Mother's great escape;
New Orleans correction officer safe on LI after harrowing odyssey in which she finds tot with now homeless relatives


New Orleans correction officer Shantia Barnes has only a handful of things to remind her of the life she led before Hurricane Katrina:

The six-pointed badge she wore to work for the past three years.

The cell phone she pinned up in her hair to keep it dry in chin-high floodwater.

The debit card she used to pay for a hotel room and rental car when she and other deputies fled New Orleans in a borrowed sport utility vehicle.

And her 20-month-old son Cristyun, who was being watched by her mother in downtown New Orleans when Barnes left for her shift at Orleans Parish Prison last weekend.

Mother and son were reunited Friday night at the Astrodome in Houston, where Barnes, who said she was stranded on an overpass after helping move inmates from the prison, found about 25 family members made homeless.

Safe and dry at her mother-in-law's house in Amityville yesterday after a harrowing escape from her hometown, Barnes told of water rising chin-high inside the jail, of fear and dehydration among evacuees, and of her desperate hunt for a safe haven in a city made lawless by disaster.

She said swimming lessons top the list of things she is grateful for now. "Out of 11 of us, only two knew how to swim," said the 22-year-old Army reservist, who moved back to New Orleans from an Army base in Colorado to be with family after her husband, Christopher Barnes, a soldier from Amityville, shipped out to the Gulf. Barnes' husband is en route from Iraq for a special two-week leave to spend time with his wife and son.

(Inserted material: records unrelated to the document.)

Definition Hst_iota (J : sgraph) (n s : nat) (G : sgraph) : Prop :=
  exists f : V G -> option 'I_n,
    induced_on [set x | f x == None] J /\
    forall i : 'I_n,
      (i < s -> stable [set x | f x == Some i]) /\
      (s <= i -> clique [set x | f x == Some i]).

Lemma reduced_Forb (H J : sgraph) l : chi_c (Forb H) l -> reduced (Forb H) J ->
  exists2 s, s <= l.-1 & ~ Hst_iota J l.-1 s H.
Proof.
move=> chiH [l' [chiH' [s s_le redJ]]].
rewrite -(chi_c_unique chiH chiH') in s_le redJ.
by exists s => // /redJ; apply; exists id; split.
Qed.

Lemma Hst_iota_unlift (J H : sgraph) n s (f : V H -> 'I_n.+1) (j0 : 'I_n.+1) :
  induced_on [set x | f x == j0] J ->
  (forall i : 'I_n,
     (i < s -> stable [set x | f x == lift j0 i]) /\
     (s <= i -> clique [set x | f x == lift j0 i])) ->
  Hst_iota J n s H.
Proof.
have class0 : [set x | unlift j0 (f x) == None] = [set x | f x == j0].
  apply/setP => x; rewrite !inE.
  case: unliftP => [i ->|->]; rewrite ?eqxx //.
  by rewrite [lift _ _ == _]eq_sym (negbTE (neq_lift _ _)).
have classS i : [set x | unlift j0 (f x) == Some i] = [set x | f x == lift j0 i].
  apply/setP => x; rewrite !inE.
  by case: unliftP => [k ->|->]; rewrite ?(inj_eq lift_inj) // (negbTE (neq_lift _ _)).
by exists (fun x => unlift j0 (f x)); rewrite class0; split=> // i; rewrite classS.
Qed.

Lemma induced_on_homogeneous (H G : sgraph) (P : {set V H}) (K : {set V G}) c :
  homogeneous c P -> homogeneous c K -> #|P| < #|K| -> induced_on P G.
Proof.
move=> hP hK PK; have [k0 _] : exists k0, k0 \in K.
  by apply/card_gt0P; apply: leq_ltn_trans PK.
have no_elt (x : {x : V H | x \in set0}) : False by case: x => x; rewrite inE.
apply: (@induced_on_glue _ _ P set0 K false c (fun _ => k0)); rewrite ?setD0 ?sub0set //.
all: by [move=> x; case: (no_elt x) | move=> x y; rewrite inE].
Qed.

Lemma Hst_iota_of_stable (J H : sgraph) s t (S : {set V J}) :
  Hst s.+1 t H -> stable S -> #|V H| < #|S| -> Hst_iota J (s + t) s H.
Proof.
move=> [f hf] sS cardS; apply: (@Hst_iota_unlift _ _ _ _ f ord0) => [|i].
  apply: induced_on_homogeneous (stable_homogeneous sS) _.
    exact/stable_homogeneous/(hf ord0).1.
  exact: leq_ltn_trans (max_card _) cardS.
by have := hf (lift ord0 i); rewrite lift0.
Qed.

Lemma Hst_iota_of_clique (J H : sgraph) s t (K : {set V J}) :
  Hst s t.+1 H -> clique K -> #|V H| < #|K| -> Hst_iota J (s + t) s H.
Proof.
rewrite /Hst addnS => -[f hf] cK cardK.
apply: (@Hst_iota_unlift _ _ _ _ f ord_max) => [|i].
  apply: induced_on_homogeneous (cK : homogeneous true K) _.
    by apply: (hf ord_max).2; rewrite /= leq_addr.
  exact: leq_ltn_trans (max_card _) cardK.
by have := hf (lift ord_max i); rewrite lift_max.
Qed.

Definition iota_clique (J : sgraph) (b : bool) {H : sgraph} (P : {set V H}) : Prop :=
  exists2 A : {set V H}, A \subset P &
    [/\ induced_on A J, clique (P :\: A) &
        forall x y, x \in A -> y \in P :\: A -> adj x y = b].

Lemma cliques_plusW (H : sgraph) l (Q Q' : {set V H} -> Prop) :
  (forall P, Q P -> Q' P) -> cliques_plus l Q -> cliques_plus l Q'.
Proof. by move=> QQ' [f [Qf cl]]; exists f; split=> //; apply: QQ'. Qed.

Lemma union_iota_clique (J H : sgraph) l :
  cliques_plus l (@union_clique J H) -> cliques_plus l (@iota_clique J false H).
Proof.
apply: cliques_plusW => P [A AP [iA cA nA]]; exists A => //; split=> // x y xA yP.
exact/negbTE/nA.
Qed.

Lemma join_iota_clique (J H : sgraph) l :
  cliques_plus l (@join_clique J H) -> cliques_plus l (@iota_clique J true H).
Proof. by apply: cliques_plusW => P [A AP [iA cA nA]]; exists A. Qed.

Lemma Hst_iota_of_iota_clique (J G H : sgraph) l b (e : V J -> V G) (K : {set V G}) :
  cliques_plus l (@iota_clique J b H) ->
  injective e -> (forall i j, adj i j = adj (e i) (e j)) ->
  clique K -> #|V H| < #|K| -> (forall j k, k \in K -> adj (e j) k = b /\ e j != k) ->
  Hst_iota G l.-1 0 H.
Proof.
move=> [f [[A AP [[g [ginj gadj]] cA bA]] cl]] einj eadj cK cardK eK.
exists f; split=> [|i]; last by split.
apply: (@induced_on_glue _ _ _ A K b true (e \o g)) => //.
- exact: inj_comp.
- by move=> x y; rewrite gadj eadj.
- by move=> x; apply: eK.
- exact: leq_ltn_trans (max_card _) cardK.
Qed.

Lemma induced_mkgraph n (r : rel 'I_n) (G : sgraph) (e : 'I_n -> V G) :
  injective e -> (forall i j, i != j -> (r i j || r j i) = adj (e i) (e j)) ->
  induced (mkgraph r) G.
Proof.
move=> einj eadj; exists e; split=> // i j /=; rewrite /mkadj.
by have [->|ij] := eqVneq i j; [rewrite adj_irr | exact: eadj].
Qed.

Lemma nth_ord_inj (T : eqType) (x0 : T) (s : seq T) :
  uniq s -> injective (fun i : 'I_(size s) => nth x0 s i).
Proof. by move=> us i j /eqP; rewrite nth_uniq // => /eqP/ord_inj. Qed.

Lemma induced_S3 (G : sgraph) (x y z : V G) : uniq [:: x; y; z] ->
  ~~ adj x y -> ~~ adj x z -> ~~ adj y z -> induced S3 G.
Proof.
move=> uxyz nxy nxz nyz.
apply: (@induced_mkgraph 3 _ G (nth x [:: x; y; z])).
  exact: (@nth_ord_inj _ x [:: x; y; z]).
by move=> [[|[|[|?]]] ?] [[|[|[|?]]] ?] //= _;
  rewrite ?(negbTE nxy) ?(negbTE nxz) ?(negbTE nyz) // adj_sym
     ?(negbTE nxy) ?(negbTE nxz) ?(negbTE nyz).
Qed.

Lemma induced_P3bar (G : sgraph) (x y z : V G) : uniq [:: x; y; z] ->
  ~~ adj x y -> adj x z -> ~~ adj y z -> induced P3bar G.
Proof.
move=> uxyz nxy axz nyz.
apply: (@induced_mkgraph 3 _ G (nth x [:: x; y; z])).
  exact: (@nth_ord_inj _ x [:: x; y; z]).
by move=> [[|[|[|?]]] ?] [[|[|[|?]]] ?] //= _;
  rewrite ?axz ?(negbTE nxy) ?(negbTE nyz) // adj_sym ?axz ?(negbTE nxy) ?(negbTE nyz).
Qed.

Lemma induced_C4 (G : sgraph) (a b c d : V G) : uniq [:: a; b; c; d] ->
  adj a b -> adj b c -> adj c d -> adj d a -> ~~ adj a c -> ~~ adj b d -> induced C4 G.
Proof.
move=> uabcd aab abc acd ada nac nbd.
apply: (@induced_mkgraph 4 _ G (nth a [:: a; b; c; d])).
  exact: (@nth_ord_inj _ a [:: a; b; c; d]).
by move=> [[|[|[|[|?]]]] ?] [[|[|[|[|?]]]] ?] //= _;
  rewrite ?aab ?abc ?acd ?ada ?(negbTE nac) ?(negbTE nbd) // adj_sym
    ?aab ?abc ?acd ?ada ?(negbTE nac) ?(negbTE nbd).
Qed.

Lemma nonadjacent_cherry_induced (G : sgraph) (x y z : V G) : uniq [:: y; x; z] ->
  ~~ adj y x -> ~~ adj x z -> induced S3 G \/ induced P3bar G.
Proof.
move=> uyxz nyx nxz; have [ayz|nyz] := boolP (adj y z).
  by right; apply: induced_P3bar uyxz nyx ayz nxz.
by left; apply: induced_S3 uyxz nyx nyz nxz.
Qed.

Lemma two_nonedges_induced (G : sgraph) (u v u' v' : V G) :
  nonedge u v -> nonedge u' v' -> [set u; v] != [set u'; v'] ->
  [\/ induced S3 G, induced P3bar G | induced C4 G].
Proof.
move=> /andP[uv nuv] /andP[u'v' nu'v'] ne.
have cherry (x y z : V G) : y != x -> y != z -> x != z -> ~~ adj y x -> ~~ adj x z ->
    [\/ induced S3 G, induced P3bar G | induced C4 G].
  move=> yx yz xz nyx nxz.
  have uyxz : uniq [:: y; x; z] by rewrite /= !inE negb_or yx yz xz.
  by case: (nonadjacent_cherry_induced uyxz nyx nxz) => ?; [apply: Or31 | apply: Or32].
have nvu : ~~ adj v u by rewrite adj_sym.
have nv'u' : ~~ adj v' u' by rewrite adj_sym.
have vu : v != u by rewrite eq_sym.
have v'u' : v' != u' by rewrite eq_sym.
have [E|uu'] := eqVneq u u'.
  by subst u'; apply: (cherry u v v'); rewrite // eq_sym; apply: contraNneq ne => ->.
have [E|uv'] := eqVneq u v'.
  by subst v'; apply: (cherry u v u'); rewrite // eq_sym;
    apply: contraNneq ne => ->; rewrite setUC.
have [E|vu'] := eqVneq v u'.
  by subst u'; apply: (cherry v u v'); rewrite // eq_sym;
    apply: contraNneq ne => ->; rewrite setUC.
have [E|vv'] := eqVneq v v'.
  by subst v'; apply: (cherry v u u'); rewrite // eq_sym; apply: contraNneq ne => ->.
have [auu'|nuu'] := boolP (adj u u'); last by apply: (cherry u v u'); rewrite // eq_sym.
have [auv'|nuv'] := boolP (adj u v'); last by apply: (cherry u v v'); rewrite // eq_sym.
have [avu'|nvu'] := boolP (adj v u'); last by apply: (cherry v u u'); rewrite // eq_sym.
have [avv'|nvv'] := boolP (adj v v'); last by apply: (cherry v u v'); rewrite // eq_sym.
apply: Or33; apply: (@induced_C4 G u u' v v') => //; last by rewrite adj_sym.
  by rewrite /= !inE !negb_or uu' uv uv' (eq_sym u') vu' u'v' vv'.
by rewrite adj_sym.
Qed.

Lemma common_neighbours (G : sgraph) R (Q : {set V G}) :
  (forall v : V G, #|[set w | ~~ adj v w]| <= R) -> #|Q| * R + R <= #|V G| ->
  exists2 W : {set V G}, R <= #|W| & forall q w, q \in Q -> w \in W -> adj q w.
Proof.
move=> fewR cardG; pose N := \bigcup_(q in Q) [set w | ~~ adj q w].
have cardN : #|N| <= #|Q| * R.
  rewrite -sum_nat_const; apply: (big_ind2 (fun (A : {set V G}) n => #|A| <= n)) => //.
    by rewrite cards0.
  by move=> A m B n Am Bn; apply: leq_trans (leq_card_setU A B).1 (leq_add Am Bn).
exists (~: N); first by have := cardsC N; lia.
move=> q w qQ; rewrite inE; apply: contraNT => nqw.
by apply/bigcupP; exists q; rewrite ?inE.
Qed.

Section ReducedGraph.

Variables (H G : sgraph) (l : nat).
Hypothesis ars1 : forall s, 0 < s <= l -> Hst s (l - s) H.

Lemma reduced_small_stable s : s < l -> ~ Hst_iota G l.-1 s H ->
  forall S : {set V G}, stable S -> #|S| <= #|V H|.
Proof.
move=> lt_sl noH S sS; rewrite leqNgt; apply/negP => cardS; apply: noH.
rewrite -(subnKC (_ : s <= l.-1)); last by lia.
apply: Hst_iota_of_stable sS cardS; rewrite -predn_sub -subnS.
by apply: ars1; lia.
Qed.

Lemma reduced_small_clique s : 0 < s < l -> ~ Hst_iota G l.-1 s H ->
  forall K : {set V G}, clique K -> #|K| <= #|V H|.
Proof.
move=> lt_sl noH K cK; rewrite leqNgt; apply/negP => cardK; apply: noH.
rewrite -(subnKC (_ : s <= l.-1)); last by lia.
apply: Hst_iota_of_clique cK cardK; rewrite (_ : (l.-1 - s).+1 = l - s); last by lia.
by apply: ars1; lia.
Qed.

Hypothesis small_stable : forall S : {set V G}, stable S -> #|S| <= #|V H|.

Let R := 2 ^ (#|V H|.+1 + #|V H|.+1).

Lemma big_clique (A : {set V G}) : R <= #|A| ->
  exists2 K : {set V G}, K \subset A & clique K /\ #|V H| < #|K|.
Proof. by case/ramsey => // -[S _ [/small_stable]]; lia. Qed.

Hypothesis noH : ~ Hst_iota G l.-1 0 H.

Lemma few_nonneighbours : cliques_plus l (@union_clique K1 H) ->
  forall v : V G, #|[set w | ~~ adj v w]| <= R.
Proof.
move=> /union_iota_clique uK1 v.
rewrite (cardsD1 v) inE adj_irr add1n ltnNge.
apply/negP => /big_clique[K KN [cK cardK]].
apply: noH; apply: (@Hst_iota_of_iota_clique K1 G H l false (fun _ => v) K) => //.
- by move=> [[|?] ?] [[|?] ?] // _; apply: ord_inj.
- by move=> i j; rewrite adj_irr /= /mkadj andbF.
- by move=> _ k /(subsetP KN); rewrite !inE => /andP[vk /negbTE]; rewrite eq_sym.
Qed.

Lemma no_induced_join (J : sgraph) : cliques_plus l (@iota_clique J true H) ->
  (forall v : V G, #|[set w | ~~ adj v w]| <= R) -> #|V J| * R + R <= #|V G| ->
  ~ induced J G.
Proof.
move=> hJ fewR cardG [e [einj eadj]].
have [|W cardW adjW] := @common_neighbours G R [set e j | j : V J] fewR.
  by apply: leq_trans cardG; rewrite leq_add2r leq_mul2r leq_imset_card orbT.
have [K KW [cK cardK]] := big_clique cardW.
apply: noH (Hst_iota_of_iota_clique hJ einj eadj cK cardK _) => j k kK.
have aek : adj (e j) k by apply: adjW (subsetP KW k kK); apply: imset_f.
by split=> //; apply: contraTneq aek => ->; rewrite adj_irr.
Qed.

End ReducedGraph.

In the days leading up to the hurricane, Barnes' family - mostly renters who live in the New Orleans East neighborhood - did not leave because having endured previous hurricanes, they did not think this one would be as bad as it was.

That weekend, Barnes left her son in the care of her mother and reported to work because all deputies were supposed to be on hand during emergencies, she said.

As Katrina raged Monday outside the prison on Perdido Street, water began seeping into the building where Barnes worked. Toilets began to back up. By Tuesday, the water inside was about 3 feet high and about 320 inmates had to be moved to the second floor, she said.

As water rose 5 feet high that evening, the situation became desperate, she said. About 40 civilians, including family members of prison workers, had also taken refuge at the jail. Word spread among the inmates that the Ninth Ward neighborhood of New Orleans, where many had family, was underwater. Unfed for days, the inmates began to riot inside their cellblocks, Barnes said.

"We had no phone lines, no electricity," she said. "There was raw gas in the water ... If it wasn't for the deputies, a lot of people would have died."

She believes many drowned anyway, including inmates housed on the first floor of the Templeman 3 building, where Barnes said that in the chaos, some inmates may have remained locked inside.

"We evacuated everybody who was at the jail as far as we know once we got there," said Pam Laborde, a spokeswoman for the Louisiana Department of Corrections, which helped evacuate the prison. Laborde said she could not confirm what may have happened before rescuers from her agency arrived.

Barnes said as the evacuation went on she joined hands with other guards, inmates and civilians. They moved together through the water from building to building until they were loaded into boats and ferried to an overpass on Tuesday evening. From there, prisoners were loaded onto buses, she said.

Barnes and a number of other deputies, including a cousin who also worked at the prison, slept on the overpass that night. By morning, she said, the buses had stopped coming and a supervising officer from the sheriff's department told them "they were only getting inmates out," Barnes said, although civilians who had been rescued from the flood continued to be deposited there.

Laborde said she could not confirm what officers from Orleans Parish may have said.

"Believe me, we would have transported anybody who needed transporting," Laborde said yesterday from Baton Rouge. She said about 6,500 inmates were removed from the jail.

Orleans Parish Prison officials could not be reached last night.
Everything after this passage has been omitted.